A assistência antissocial do governo, aliada à Bancada da Bala de Prata e ao Ministério das Propinas Essenciais, principiou a construção errática, desenfreada, de condomínios fabulosos, espigões edificados com vergalhões e argamassa, até que os tijolos dos homens toquem o céu-de-meu-deus. São asilos públicos destinados ao isolamento vertical, peremptório, de pacientes cujas famílias não tenham condições morais, éticas, psíquicas, religiosas ou financeiras para manter os parentes lobotomizados pelo vírus dentro dos próprios domicílios.
São tempos impensáveis até mesmo para um Gabriel García Márquez. Embora seja uma peste inédita, parece claro à comunidade científica que a taxa de letalidade da doença, que consiste no poder de fogo do micróbio para dizimar vidas, é insignificante. Logo, não cessa de crescer o contingente de convalescentes insanos e salvos. Após serem acometidos por febre, pigarro, malemolência e maledicência, os infectados pelo insidioso, escabroso vírus de Yahoo, quedam aleijados dos cinco órgãos dos sentidos e, o que é mais grave, da memória recente e da memória antiga. Resumo da ópera: em conformidade com os boletins oficiais diários, infelizmente, mesmo sob condições adequadas de temperatura e pressão, os cidadãos afetados pela pandemia do vírus de Yahoo serão devolvidos às famílias, desprovidos de elã e alma, pois, atributos essenciais que terão evaporado nos aerossóis de febre.

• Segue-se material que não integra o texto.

(* Let $G$ be a non-discrete compact group with normalized Haar measure $\nu$. For every neighborhood $U$ of the identity there exists a finite set $H\subseteq G$ such that (1) $HU=G$, and (2) for every $I\subseteq H$, $\nu(IU)\ge \frac{|I|}{|H|}$. *)

From HB Require Import structures.
From mathcomp Require Import all_boot all_order all_algebra.
From mathcomp Require Import finmap.
From mathcomp Require Import all_classical all_reals all_analysis.
Set Implicit Arguments. Unset Strict Implicit. Unset Printing Implicit Defensive.
Import Order.TTheory GRing.Theory Num.Theory.

Local Open Scope classical_set_scope.
Local Open Scope ring_scope.

Definition borel_of (G : ptopologicalType) := g_sigma_algebraType (@open G).

Definition topological_group (G : ptopologicalType)
    (mul : G -> G -> G) (inv : G -> G) (e : G) : Prop :=
  [/\ associative mul, left_id e mul, left_inverse e inv mul,
      continuous (fun p : G * G => mul p.1 p.2) & continuous inv].

Definition compact_group (G : ptopologicalType)
    (mul : G -> G -> G) (inv : G -> G) (e : G) : Prop :=
  [/\ topological_group mul inv e, hausdorff_space G & compact [set: G]].

Definition non_discrete (G : ptopologicalType) : Prop :=
  ~ (forall A : set G, open A).

Definition normalized_haar (R : realType) (G : ptopologicalType)
    (mul : G -> G -> G) (nu : {measure set (borel_of G) -> \bar R}) : Prop :=
  [/\ nu [set: borel_of G] = 1%E,
      (forall (g : G) (A : set (borel_of G)), measurable A ->
          nu (mul g @` A) = nu A),
      (forall A : set (borel_of G), measurable A ->
          nu A = ereal_inf [set nu V | V in [set V : set G | open V /\ A `<=` V]])
    & (forall V : set G, open V ->
          nu V = ereal_sup [set nu K | K in [set K : set G | compact K /\ K `<=` V]])].

Definition setmul (G : Type) (mul : G -> G -> G) (I U : set G) : set G :=
  [set mul i u | i in I & u in U].

From HB Require Import structures.
From mathcomp Require Import all_boot all_order all_algebra.
From mathcomp Require Import finmap.
From mathcomp Require Import all_classical all_reals all_analysis.
From mathcomp Require Import ring lra.
Import Order.TTheory GRing.Theory Num.Theory.
Set Implicit Arguments. Unset Strict Implicit. Unset Printing Implicit Defensive.

(* Take a symmetric neighbourhood W of e with W^8 included in U and a maximal
   family of pairwise disjoint translates g_j W; there are finitely many since
   nu W > 0.  By maximality the g_j W^2 cover G, which yields a Borel partition
   of G into cells B_j with g_j W ⊆ B_j ⊆ g_j W^2.  Link j and i when g_j^-1 g_i lies
   in W^5: a connected component of this graph is a union of cells stable under
   right multiplication by W, so any two components are translates of each
   other and carry the same mass m.  Choose a quantum u = m / n <= nu W and walk
   a spanning forest from the leaves up: every cell keeps an integer number
   k_j >= 1 of quanta and hands its remainder to its parent; since each
   component has mass n u, nothing is left at the roots, and sum_j k_j u = 1.
   Put k_j distinct points of g_j W into H (G is not discrete).  Every cell
   containing a point of I, or whose parent does, is included in I U, and these
   cells carry mass at least |I| u = |I| / |H|. *)

Local Open Scope ring_scope.

Lemma natmul_rem_eq0 (R : realDomainType) (u x : R) (m n : nat) :
  0 <= x < u -> m%:R * u = n%:R * u - x -> x = 0.
Proof.
move=> /andP[x0 xu] mnx; have u0 : 0 < u := le_lt_trans x0 xu.
case: (ltngtP m n) => [mn|nm|mn]; last by move: mnx; rewrite mn; lra.
- have : m.+1%:R <= n%:R :> R by rewrite ler_nat.
  rewrite -natr1; nra.
- have : n.+1%:R <= m%:R :> R by rewrite ler_nat.
  rewrite -natr1; nra.
Qed.

Section ForestTransport.
Variables (R : archiRealFieldType) (J : finType) (par : J -> option J).

Definition child_sum (f : J -> R) j := \sum_(c | par c == Some j) f c.

Lemma sum_child_sum (P : pred J) (f : J -> R) :
  \sum_(j | P j) child_sum f j = \sum_(c | oapp P false (par c)) f c.
Proof.
rewrite (exchange_big_dep xpredT) //= [RHS]big_mkcond; apply: eq_bigr => c _.
case: (par c) => [j0|] /=; last by rewrite big_pred0 // => j; rewrite andbF.
rewrite (eq_bigl (fun j => P j0 && (j == j0))) => [|j].
  by case: (P j0); [rewrite big_pred1_eq | rewrite big_pred0].
by rewrite eq_sym (inj_eq Some_inj); case: eqP => [->|]; rewrite ?andbF.
Qed.

(* Each vertex keeps [k j] quanta [u] of its weight [a j] plus the remainders
   of its children, and passes its own remainder [f j] on to its parent. *)
Definition transported (u : R) (a f : J -> R) (k : J -> nat) :=
  forall j, (k j)%:R * u = a j - f j + child_sum f j.

Lemma exists_transport_on (d : J -> nat) (u : R) (S : {set J}) (a : J -> R) :
  (forall c j, par c = Some j -> (d j < d c)%N) -> 0 < u -> (forall j, u <= a j) ->
  exists k : J -> nat, exists f : J -> R, forall j, j \in S ->
    0 <= f j < u /\ (k j)%:R * u = a j - f j + \sum_(c in S | par c == Some j) f c.
Proof.
move=> par_d u0; move: {2}#|S| (leqnn #|S|) => n.
elim: n S a => [|n IH] S a szS ua.
  exists (fun _ => 0%N), (fun _ => 0) => j jS.
  by move: szS; rewrite leqn0 => /eqP/cards0_eq S0; rewrite S0 inE in jS.
have [->|[x0 x0S]] := set_0Vmem S.
  by exists (fun _ => 0%N), (fun _ => 0) => j; rewrite inE.
have [x xS xmax] := @arg_maxnP J x0 (mem S) d x0S.
have {}xS : x \in S by [].
have childless : forall c, c \in S -> par c != Some x.
  move=> c cS; apply/eqP => /par_d; rewrite ltnNge.
  by have := xmax c cS; rewrite /= => ->.
have ax0 : 0 <= a x / u by rewrite divr_ge0 // (le_trans (ltW u0)).
set q := Num.truncn (a x / u); set fx := a x - q%:R * u.
have /andP[q_le lt_q] := truncn_itv ax0.
have fx_ge0 : 0 <= fx by rewrite subr_ge0 -ler_pdivlMr.
have fx_lt : fx < u.
  by rewrite /fx ltrBlDr -[X in _ < X + _]mul1r -mulrDl addrC natr1 -ltr_pdivrMr.
pose a' j := if par x == Some j then a j + fx else a j.
have ua' j : u <= a' j by rewrite /a'; case: ifP => _ //; rewrite (le_trans (ua j)) // lerDl.
have szS' : (#|S :\ x| <= n)%N by move: szS; rewrite (cardsD1 x S) xS.
have [k [f kf]] := IH _ a' szS' ua'.
exists (fun j => if j == x then q else k j), (fun j => if j == x then fx else f j).
move=> j jS; have [->|jx] := eqVneq j x.
  rewrite fx_ge0 fx_lt big1 ?addr0; first by split=> //; rewrite /fx opprB addrC subrK.
  by move=> c /andP[cS /eqP pc]; have := childless c cS; rewrite pc eqxx.
have jS' : j \in S :\ x by rewrite in_setD1 jx.
have [fj_bd kj] := kf j jS'.
split=> //; rewrite big_mkcondr (big_setD1 x xS) /= -big_mkcondr eqxx.
rewrite (eq_bigr f) => [|c /andP[]]; last by rewrite in_setD1 => /andP[/negPf ->].
by rewrite kj /a'; case: (par x == Some j); rewrite ?add0r //; ring.
Qed.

Hoje é aniversário de Demiatt. Faz tempo que já não sonho mais com ele. Sou incapaz de me lembrar de sua voz. Que espécie de mãe esquece a voz do próprio filho? Já não bastava uma janela esquecida aberta? Batam panelas, vizinhos, mas, por Deus, taramelem os portais. Quisera evaporar, também, em aerossóis de febre, mas, não posso. A vida prossegue. Um bolo de nozes precisa ser feito. Sophie terminou a garatuja. Vincent chegará em breve com uma fome que nem lhes conto.